Construction Underway on Bicycle Pathways and Pedestrian Improvements
Bicycles are one of the quickest ways to get downtown from the Westside, and the City of Santa Barbara is working on a clear and safe route that extends all the way to Milpas Street. In addition to clearly marked bicycle paths, new pedestrian improvements on the Westside will include crosswalks, street lighting, realigned traffic signs, and speed humps to slow car traffic.
At its farthest points, the new biking route will begin at Gillespie and Mission streets and run in a zig-zag pattern across town to Nopal and Canon Perdido streets, where it will join up with a pathway also under construction on the Eastside. A new line of bollards, like the black chess pieces that mark the State Street Promenade, will separate cyclists from traffic across the Micheltorena Bridge to Castillo Street.
Within the Westside, Gillespie and San Pascual are designated “bike friendly streets,” explained the city’s bike traffic czar Jessica Grant.

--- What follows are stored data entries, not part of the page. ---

(* Let $(X,d,\mu)$ be an unbounded space of homogeneous type with geometric constants $\tau\geq1$ and $A\geq1$. Let $\mathcal{K}$ be a family of symmetric Markov kernels on $X$ such that there exist $0<\gamma<\tfrac1\tau$ and $H\geq1$ with $\mathcal{K}\subset\mathcal{H}(\gamma,H)$. Then there is a constant $C$ depending only on $\tau,A,\gamma,H$ such that \[\mathcal{K}^*f(x)\leq C\,Mf(x)\] for every $x\in X$ and every measurable function $f$, where $\mathcal{K}^*f(x)=\sup_{K\in\mathcal{K}}\left|\int_XK(x,y)f(y)\,d\mu(y)\right|$ and $Mf(x)=\sup_{B\ni x}\mu(B)^{-1}\int_B|f|\,d\mu$, the supremum being over all $d$-balls $B$ containing $x$.
   Context: A quasi-distance on a set $X$ is a nonnegative symmetric function $d$ on $X\times X$ vanishing exactly on the diagonal with $d(x,z)\leq\tau[d(x,y)+d(y,z)]$ for all $x,y,z$ and some $\tau\geq1$. Balls are $B(x,r)=\{y:d(x,y)<r\}$. $(X,d,\mu)$ is a space of homogeneous type if $\mu$ is a positive measure on a $\sigma$-algebra containing all $d$-balls with $0<\mu(B(x,2r))\leq A\mu(B(x,r))<\infty$ for all $x\in X$, $r>0$ and some $A\geq1$; $\tau$ and $A$ are its geometric constants. Unbounded means $\mu(X)=+\infty$. A symmetric Markov kernel on $X$ is a nonnegative, symmetric, measurable $K$ on $X\times X$ with $\int_XK(x,y)\,d\mu(y)=1$ for every $x$. $K\in\mathcal{H}(\gamma,H)$ means $\sup_{\eta\in B(y,\gamma d(x,y))}K(x,\eta)\leq H\inf_{\eta\in B(y,\gamma d(x,y))}K(x,\eta)$ for all $x,y\in X$ with $y\neq x$. *)

From HB Require Import structures.
From mathcomp Require Import all_boot all_order all_algebra.
From mathcomp Require Import all_classical all_reals all_analysis.
Set Implicit Arguments. Unset Strict Implicit. Unset Printing Implicit Defensive.
Import Order.TTheory GRing.Theory Num.Theory.
Local Open Scope classical_set_scope.
Local Open Scope ring_scope.

Section Defs.
Context {R : realType} {T : Type}.

Definition qd_dball (dist : T -> T -> R) (x : T) (r : R) : set T :=
  [set y | dist x y < r].

Definition qd_quasi_distance (dist : T -> T -> R) (tau : R) : Prop :=
  [/\ forall x y, 0 <= dist x y,
      forall x y, dist x y = dist y x,
      forall x y, dist x y = 0 <-> x = y &
      forall x y z, dist x z <= tau * (dist x y + dist y z)].
End Defs.

Definition qd_homogeneous_type {R : realType} {d : measure_display}
  (X : measurableType d) (dist : X -> X -> R)
  (mu : {measure set X -> \bar R}) (tau A : R) : Prop :=
  [/\ 1 <= tau, 1 <= A, qd_quasi_distance dist tau,
      forall x r, measurable (qd_dball dist x r) &
      forall x r, 0 < r ->
        (0 < mu (qd_dball dist x (2 * r)))%E /\
        (mu (qd_dball dist x (2 * r)) <= A%:E * mu (qd_dball dist x r))%E /\
        (mu (qd_dball dist x r) < +oo)%E].

Definition qd_symmetric_Markov_kernel {R : realType} {d : measure_display}
  (X : measurableType d) (mu : {measure set X -> \bar R}) (K : X -> X -> R) : Prop :=
  [/\ forall x y, 0 <= K x y,
      forall x y, K x y = K y x,
      measurable_fun setT (fun p : X * X => K p.1 p.2) &
      forall x, (\int[mu]_y (K x y)%:E = 1)%E].

Definition qd_in_H_class {R : realType} {T : Type} (dist : T -> T -> R)
  (gamma H : R) (K : T -> T -> R) : Prop :=
  forall x y, y <> x ->
    (ereal_sup [set (K x eta)%:E | eta in qd_dball dist y (gamma * dist x y)]
     <= H%:E * ereal_inf [set (K x eta)%:E | eta in qd_dball dist y (gamma * dist x y)])%E.

Definition qd_maximal_kernel_op {R : realType} {d : measure_display}
  (X : measurableType d) (mu : {measure set X -> \bar R})
  (family : set (X -> X -> R)) (f : X -> R) (x : X) : \bar R :=
  ereal_sup [set `| \int[mu]_y (K x y * f y)%:E |%E | K in family].

(* Hardy-Littlewood maximal function: sup over d-balls B containing x of
   mu(B)^-1 int_B |f| dmu  (mu(B) is finite and positive in a space of
   homogeneous type, so it is inverted as a real number) *)
Definition qd_HL_maximal {R : realType} {d : measure_display}
  (X : measurableType d) (dist : X -> X -> R) (mu : {measure set X -> \bar R})
  (f : X -> R) (x : X) : \bar R :=
  ereal_sup [set v | exists z r, 0 < r /\ qd_dball dist z r x /\
     (v = ((fine (mu (qd_dball dist z r)))^-1)%:E *
         \int[mu]_(y in qd_dball dist z r) `|f y|%:E)%E].
Lemma K_G r t : K r t -> h1 r t < h r t -> G r t.
Proof.
  intros Krt Hlt. assert (Hcl := proj1 (proj1 Krt)).
  apply (path_component_closure Rad t1 t2 h h1 h2 ch ch1 ch2 G r t HG Hcl).
  destruct (K_rect r t Krt) as [Hr Ht].
  assert (HC2' := HC2 r t Hcl). assert (Hlt' := K_lt_C r t Krt).
  repeat split; auto; lra.
Qed.

Lemma K_backward_nbhd r0 t0 : G r0 t0 -> K r0 t0 ->
  exists d, 0 < d /\ forall r t, Rabs (r - r0) < d -> Rabs (t - t0) < d -> t <= t0 -> K r t.
Proof.
  intros G0 K0.
  destruct (Hno r0 t0 G0) as [N1 [N2 N3]].
  destruct (G_rect r0 t0 G0) as [[R1 R2] [T1 T2]].
  destruct (path_component_nbhd Rad t1 t2 h h1 h2 ch ch1 ch2 G r0 t0 HG G0) as [d1 [Hd1 P1]].
  assert (HC := K_lt_C r0 t0 K0).
  destruct (ch r0 t0 (G_rect r0 t0 G0) (C - h r0 t0) ltac:(lra)) as [d2 [Hd2 P2]].
  set (d := Rmin (Rmin d1 d2) (Rmin (Rmin r0 (Rad - r0)) (t0 - t1))).
  assert (M1 := Rmin_l (Rmin d1 d2) (Rmin (Rmin r0 (Rad - r0)) (t0 - t1))).
  assert (M2 := Rmin_r (Rmin d1 d2) (Rmin (Rmin r0 (Rad - r0)) (t0 - t1))).
  assert (M3 := Rmin_l d1 d2). assert (M4 := Rmin_r d1 d2).
  assert (M5 := Rmin_l (Rmin r0 (Rad - r0)) (t0 - t1)).
  assert (M6 := Rmin_r (Rmin r0 (Rad - r0)) (t0 - t1)).
  assert (M7 := Rmin_l r0 (Rad - r0)). assert (M8 := Rmin_r r0 (Rad - r0)).
  fold d in M1, M2.
  exists d. split; [unfold d; repeat apply Rmin_pos; lra|].
  intros r t A1 A2 A3.
  assert (Qrt : Q r t) by (apply Rabs_def2 in A1, A2; repeat split; lra).
  assert (B := P2 r t Qrt ltac:(lra) ltac:(lra)). apply Rabs_def2 in B.
  destruct K0 as [[_ Hs0] _].
  repeat split; [apply closure2_of, P1; auto; lra|lra|lra].
Qed.
Lemma value_cvg d pi : is_dist d -> is_policy pi ->
  series (disc_reward d pi) @ \oo --> value d Rw gamma Tm pi /\
  `|value d Rw gamma Tm pi| <= value_bound.
Proof.
move=> hd hpi.
have geo := @cvg_geometric_series R reward_mass gamma gamma_norm_lt1.
have dominated n : `|disc_reward d pi n| <= geometric reward_mass gamma n.
  by rewrite /= mulrC disc_reward_bound.
have abs_cvg : cvgn [normed series (disc_reward d pi)].
  apply: (@series_le_cvg _ _ (geometric reward_mass gamma)) => [n|n|n|] /=.
  - exact: normr_ge0.
  - by rewrite mulr_ge0 ?exprn_ge0 ?reward_mass_ge0.
  - exact: dominated.
  - by apply/cvg_ex; exists value_bound.
split; first exact: normed_cvg.
apply: (le_trans (lim_series_norm abs_cvg)).
rewrite /value_bound -(cvg_lim _ geo) //.
by apply: lim_series_le => //; apply/cvg_ex; exists value_bound.
Qed.

Lemma value_linear d pi : is_policy pi ->
  value d Rw gamma Tm pi = \sum_x d x * value (delta x) Rw gamma Tm pi.
Proof.
move=> hpi.
have reward_linear t :
    disc_reward d pi t = \sum_x d x * disc_reward (delta x) pi t.
  rewrite /disc_reward; under [RHS]eq_bigr do rewrite mulrCA.
  rewrite -mulr_sumr; congr (_ * _).
  under eq_bigr do under eq_bigr do rewrite state_dist_linear !mulr_suml.
  under [RHS]eq_bigr do rewrite mulr_sumr.
  under [RHS]eq_bigr do under eq_bigr do rewrite mulr_sumr.
  rewrite [RHS]exchange_big; apply: eq_bigr => s _.
  rewrite [RHS]exchange_big; apply: eq_bigr => a _.
  by apply: eq_bigr => x _; rewrite !mulrA.
have series_linear n :
    series (disc_reward d pi) n = \sum_x d x * series (disc_reward (delta x) pi) n.
  rewrite /series /= (eq_bigr _ (fun t _ => reward_linear t)) exchange_big /=.
  by apply: eq_bigr => x _; rewrite mulr_sumr.
have -> : value d Rw gamma Tm pi = limn (series (disc_reward d pi)) by [].
rewrite (funext series_linear); apply: cvg_lim => //.
apply: (cvg_big add_continuous) => x _; apply: cvgMl_tmp.
exact: (proj1 (value_cvg (delta_dist x) hpi)).
Qed.

Lemma value_split d pi k : is_dist d -> is_policy pi ->
  value d Rw gamma Tm pi = \sum_(t < k) disc_reward d pi t +
    gamma ^+ k * value (state_dist d Tm pi k) Rw gamma Tm (fun t => pi (t + k)%N).
Proof.
move=> hd hpi.
set d' := state_dist d Tm pi k; set pi' := fun t => pi (t + k)%N.
have hpi' : is_policy pi' by move=> t; exact: hpi.
have reward_shift t : disc_reward d pi (t + k)%N = gamma ^+ k * disc_reward d' pi' t.
  by rewrite /disc_reward state_dist_shift exprD [gamma ^+ t * _]mulrC -mulrA.
have series_shift n : series (disc_reward d pi) (n + k)%N =
    \sum_(t < k) disc_reward d pi t + gamma ^+ k * series (disc_reward d' pi') n.
  elim: n => [|n IH]; first by rewrite add0n !seriesEord /= big_ord0 mulr0 addr0.
  by rewrite addSn !seriesSr IH reward_shift mulrDr addrA.
have -> : value d Rw gamma Tm pi = limn (series (disc_reward d pi)) by [].
apply: cvg_lim => //; rewrite -(cvg_shiftn k) /=.
rewrite (funext series_shift); apply: cvgD; first exact: cvg_cst.
apply: cvgMl_tmp; exact: (proj1 (value_cvg (state_dist_dist hT hd hpi k) hpi')).
Qed.

Lemma disc_reward_agree d pi pi' k : (forall t, (t < k)%N -> pi t = pi' t) ->
  forall t, (t < k)%N -> disc_reward d pi t = disc_reward d pi' t.
Proof.
move=> agree t ltk.
by rewrite /disc_reward (state_dist_agree _ _ agree (ltnW ltk)) agree.
Qed.

Lemma value_agree_bound d pi pi' k : is_dist d -> is_policy pi -> is_policy pi' ->
  (forall t, (t < k)%N -> pi t = pi' t) ->
  `|value d Rw gamma Tm pi - value d Rw gamma Tm pi'| <=
    gamma ^+ k * (value_bound + value_bound).
Proof.
move=> hd hpi hpi' agree.
rewrite (value_split k hd hpi) (value_split k hd hpi').
rewrite (state_dist_agree _ _ agree (leqnn k)).
rewrite (eq_bigr _ (fun t _ => disc_reward_agree d agree (ltn_ord t))).
rewrite opprD addrACA subrr add0r -mulrBr normrM ger0_norm ?exprn_ge0 //.
rewrite ler_wpM2l ?exprn_ge0 //.
have hd' := state_dist_dist hT hd hpi' k.
apply: (le_trans (ler_normB _ _)); apply: lerD.
  by apply: (proj2 (value_cvg hd' _)) => t; exact: hpi.
by apply: (proj2 (value_cvg hd' _)) => t; exact: hpi'.
Qed.

Lemma value_mix_poly d b r k : is_dist d -> is_policy b -> is_policy r ->
  exists Q : {poly R}, forall l, 0 <= l <= 1 ->
    value d Rw gamma Tm (mix b r k l) = Q.[l].
Proof.
move=> hd hb hr.
pose tail x := value (delta x) Rw gamma Tm (fun t => b (t + k)%N).
have [Q hQ] : polyfun (fun l => \sum_(t < k) disc_reward d (mix b r k l) t +
    gamma ^+ k * \sum_x state_dist d Tm (mix b r k l) k x * tail x).
  apply: polyfun_add; first apply: polyfun_sum => t.
    apply: polyfun_mul; first exact: polyfun_cst.
    apply: polyfun_sum => s; apply: polyfun_sum => a.
    apply: polyfun_mul; last exact: polyfun_cst.
    by apply: polyfun_mul; [exact: polyfun_state_dist_mix | exact: polyfun_mix].
  apply: polyfun_mul; first exact: polyfun_cst.
  apply: polyfun_sum => x; apply: polyfun_mul; last exact: polyfun_cst.
  exact: polyfun_state_dist_mix.
exists Q => l hl; rewrite -hQ (value_split k hd (mix_policy k hb hr hl)) mix_shift.
by rewrite value_linear // => t; exact: hb.
Qed.

Lemma value_mix_close d b r e : is_dist d -> is_policy b -> is_policy r -> 0 < e ->
  exists k, `|value d Rw gamma Tm (mix b r k 1) - value d Rw gamma Tm r| < e.
Proof.
move=> hd hb hr e0.
set C := value_bound + value_bound.
have C1_gt0 : 0 < 1 + C by rewrite ltr_wpDr ?addr_ge0 ?value_bound_ge0.
have [k gk] : exists k, gamma ^+ k * C < e.
  have := cvgr0_norm_lt _ (cvg_expr gamma_norm_lt1) _ (divr_gt0 e0 C1_gt0).
  case=> N _ /(_ N (leqnn N)) /=; rewrite ger0_norm ?exprn_ge0 // => gN.
  exists N; apply: (@le_lt_trans _ _ (gamma ^+ N * (1 + C))).
    by rewrite ler_wpM2l ?exprn_ge0 ?lerDr.
  by rewrite -ltr_pdivlMr.
exists k; apply: le_lt_trans gk.
apply: value_agree_bound => // [|t ltk]; last exact: mix1.
by apply: mix_policy; rewrite ?ler01 ?lexx.
Qed.

End Value.

Lemma not_exploitable_mono (R : realType) (S A : finType)
    (J1 J2 : (nat -> S -> A -> R) -> R) :
  ~ exploitable_on_NS J1 J2 -> forall pi pi', is_policy pi -> is_policy pi' ->
  J1 pi' < J1 pi -> J2 pi' <= J2 pi.
Proof.
move=> nexp pi pi' hpi hpi' lt1; rewrite leNgt; apply/negP => lt2.
by apply: nexp; exists pi, pi'.
Qed.

Lemma exploitable_on_NS_sym (R : realType) (S A : finType)
    (J1 J2 : (nat -> S -> A -> R) -> R) :
  exploitable_on_NS J1 J2 -> exploitable_on_NS J2 J1.
Proof. by case=> pi [pi' [hpi [hpi' [lt1 lt2]]]]; exists pi', pi. Qed.

Lemma ltr_dist_same_side (R : realDomainType) (x y c : R) :
  `|x - y| < `|y - c| -> (c < y -> c < x) /\ (y < c -> x < c).
Proof.
rewrite ltr_norml => /andP[lo hi]; split=> lt.
  by rewrite gtr0_norm ?subr_gt0 // in lo hi; lra.
by rewrite ltr0_norm ?subr_lt0 // in lo hi; lra.
Qed.

Section Tie.
Variables (R : realType) (S A : finType) (d0 : S -> R) (Rw : S -> A -> R)
  (gamma : R) (Tm1 Tm2 : S -> A -> S -> R).
Hypotheses (gamma_ge0 : 0 <= gamma) (gamma_lt1 : gamma < 1) (hd0 : is_dist d0)
  (hT1 : is_transition Tm1) (hT2 : is_transition Tm2).

Let F := value d0 Rw gamma Tm1.
Let G := value d0 Rw gamma Tm2.

Hypothesis mono : forall pi pi', is_policy pi -> is_policy pi' ->
  F pi' < F pi -> G pi' <= G pi.

Lemma tie_forces_trivial p q r : is_policy p -> is_policy q -> is_policy r ->
  F p = F q -> G p < G q -> F r = F p.
Proof.
move=> hp hq hr Fpq Gpq; have [//|Frp] := eqVneq (F r) (F p); exfalso.
have level pi : is_policy pi -> G p < G pi < G q -> F pi = F p.
  move=> hpi /andP[Gp Gq]; have [lt|gt|//] := ltrgtP (F pi) (F p).
    by move: (mono hp hpi lt); rewrite leNgt Gp.
  by move: gt; rewrite Fpq => /(mono hpi hq); rewrite leNgt Gq.
(* Starting from p when F r > F p, and from q otherwise, makes the values of G
   at the two ends of the path straddle the interval (G p, G q). *)
pose s0 := if F p < F r then p else q.
have hs0 : is_policy s0 by rewrite /s0; case: ifP.
have e0 : 0 < `|F r - F p| by rewrite normr_gt0 subr_eq0.
have [k close] := value_mix_close Rw gamma_ge0 gamma_lt1 hT1 hd0 hs0 hr e0.
pose m := mix s0 r k.
have hm l : 0 <= l <= 1 -> is_policy (m l) by exact: mix_policy.
have h01 : 0 <= (1 : R) <= 1 by rewrite ler01 lexx.
have h00 : 0 <= (0 : R) <= 1 by rewrite lexx ler01.
have [PF hPF] : exists PF : {poly R}, forall l, 0 <= l <= 1 -> F (m l) = PF.[l].
  exact: value_mix_poly.
have [PG hPG] : exists PG : {poly R}, forall l, 0 <= l <= 1 -> G (m l) = PG.[l].
  exact: value_mix_poly.
have [above below] : (F p < F r -> F p < F (m 1)) /\ (F r < F p -> F (m 1) < F p).
  exact: ltr_dist_same_side close.
have PG0 : PG.[0] = G s0 by rewrite -(hPG 0 h00) /m mix0.
have PG1 : PG.[1] = G (m 1) by rewrite -(hPG 1 h01).
suff : PF - (F p)%:P = 0.
  move=> /(congr1 (horner^~ 1)); rewrite !hornerE -hPF // => /eqP.
  rewrite subr_eq0 => /eqP Fm1.
  by case: ltrgtP Frp => // lt _; [move: (below lt) | move: (above lt)];
    rewrite Fm1 ltxx.
apply: (@poly_level_roots _ _ PG _ _ Gpq) => [l hl /andP[Gpl Glq]|].
  rewrite /root !hornerE -hPF // (level (m l) (hm l hl)) ?subrr //.
  by rewrite hPG // Gpl Glq.
rewrite PG0 PG1 /s0; case: ltrgtP Frp => // ltpr _.
- left; split => //; apply: mono (hm 1 h01) hq _.
  by rewrite -Fpq; exact: above.
- right; split => //; apply: mono hp (hm 1 h01) _.
  exact: below.
Qed.

Lemma value_le_transfer p q : is_policy p -> is_policy q ->
  ~ trivial_on_NS F -> F q <= F p -> G q <= G p.
Proof.
move=> hp hq nontrivial; rewrite le_eqVlt => /orP[/eqP Fqp|]; last exact: mono.
rewrite leNgt; apply/negP => Gpq; apply: nontrivial => pi pi' hpi hpi'.
by rewrite (tie_forces_trivial hp hq hpi (esym Fqp) Gpq)
  (tie_forces_trivial hp hq hpi' (esym Fqp) Gpq).
Qed.

End Tie.

Theorem mainTheorem1 (R : realType) (S A : finType)
    (d0 : S -> R) (Rw : S -> A -> R) (gamma : R)
    (Tm Tm' : S -> A -> S -> R) :
  (1 < #|A|)%N ->
  0 <= gamma -> gamma < 1 ->
  is_dist d0 ->
  is_transition Tm -> is_transition Tm' ->
  all_reachable d0 Tm -> all_reachable d0 Tm' ->
  ~ trivial_on_NS (value d0 Rw gamma Tm) ->
  ~ trivial_on_NS (value d0 Rw gamma Tm') ->
  ~ equivalent_on_NS (value d0 Rw gamma Tm) (value d0 Rw gamma Tm') ->
  exploitable_on_NS (value d0 Rw gamma Tm) (value d0 Rw gamma Tm').
Proof.
move=> _ hg0 hg1 hd hT hT' _ _ nontrivial nontrivial' not_equiv.
apply: contrapT => not_expl; apply: not_equiv => p q hp hq.
have mono := not_exploitable_mono not_expl.
have mono' := not_exploitable_mono (fun e => not_expl (exploitable_on_NS_sym e)).
split; exact: value_le_transfer.
Qed.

Stop signs will be realigned to let traffic flow along the two narrow streets from Mission to Anapamu, with landscape peninsulas — raised speed humps occasionally in between two tree planters — on certain blocks to decrease speeding.
New four-way stops will crop up at major intersections, and new traffic diverters — brick medians that allow bicycles to filter through — will be implemented at Mission, Sola, and Valerio intersections. All of Gillespie will be a class III bike lane, with green bicycle “sharrows” to indicate the bike route and remind drivers to share the road.
One of the biggest community concerns is at Mission, San Pascual, and Modoc Road, where cars headed for the highway meet kids going to school. A new one-block bike path and a set of raised islands should help bicycles and pedestrians get through left-hand turn dangers, to a big set of crosswalks and the Modoc bike path.
Another area residents wanted resolved was Micheltorena and Almond Avenue by Super Cuca’s. Derrick Bailey, a city traffic engineer, explained that Almond was narrow but high in traffic; there was little room for cyclists. To remedy this, a raised median and a crosswalk would restrict left turns — cutting down vehicle traffic — and provide a safe refuge for bikers and pedestrians crossing the road.
Parking is a daily struggle in the area, and residents staunchly rejected most parking removal proposals during community workshops. To avoid solutions like one-way streets or protected bike lanes, the various new medians and speed humps reduced the need to remove parking spots. Nonetheless, about 13 parking spaces were lost on the Westside, while a few may be added.
On Castillo, a one-way street that meets the Micheltorena bike path, 13 parking spaces were sacrificed for a bike lane that goes against the flow of traffic. The lane allows cyclists coming from downtown to avoid Bath Street, which has no bike lane.
Heather Deutsch, executive director of MOVE Santa Barbara County, highlighted that a safe and efficient biking route is part of an equitable transportation system that allows for walking, biking, and driving. In response to irritable NextDoor posts about this project being anti-car, Deutsch stated: “Driving is bad for climate change, bad for air quality, for walkers and bikers, and it’s also very expensive to build driving facilities. Driving takes up a lot of space and it’s not moving many people…. This project will help balance that.”
The Westside Community Paseos Project grew from Santa Barbara’s 2016 Bicycle Master Plan and is consistent with the Vision Zero Strategy which aims to eliminate all traffic related fatalities and injuries in Santa Barbara. Funded by an Active Transportation Grant, which is geared toward projects that increase walking and biking, the Westside Project will cost $4.5 million. The construction is taking place in phases, and has seen recent weather delays, but is projected to last eight more months.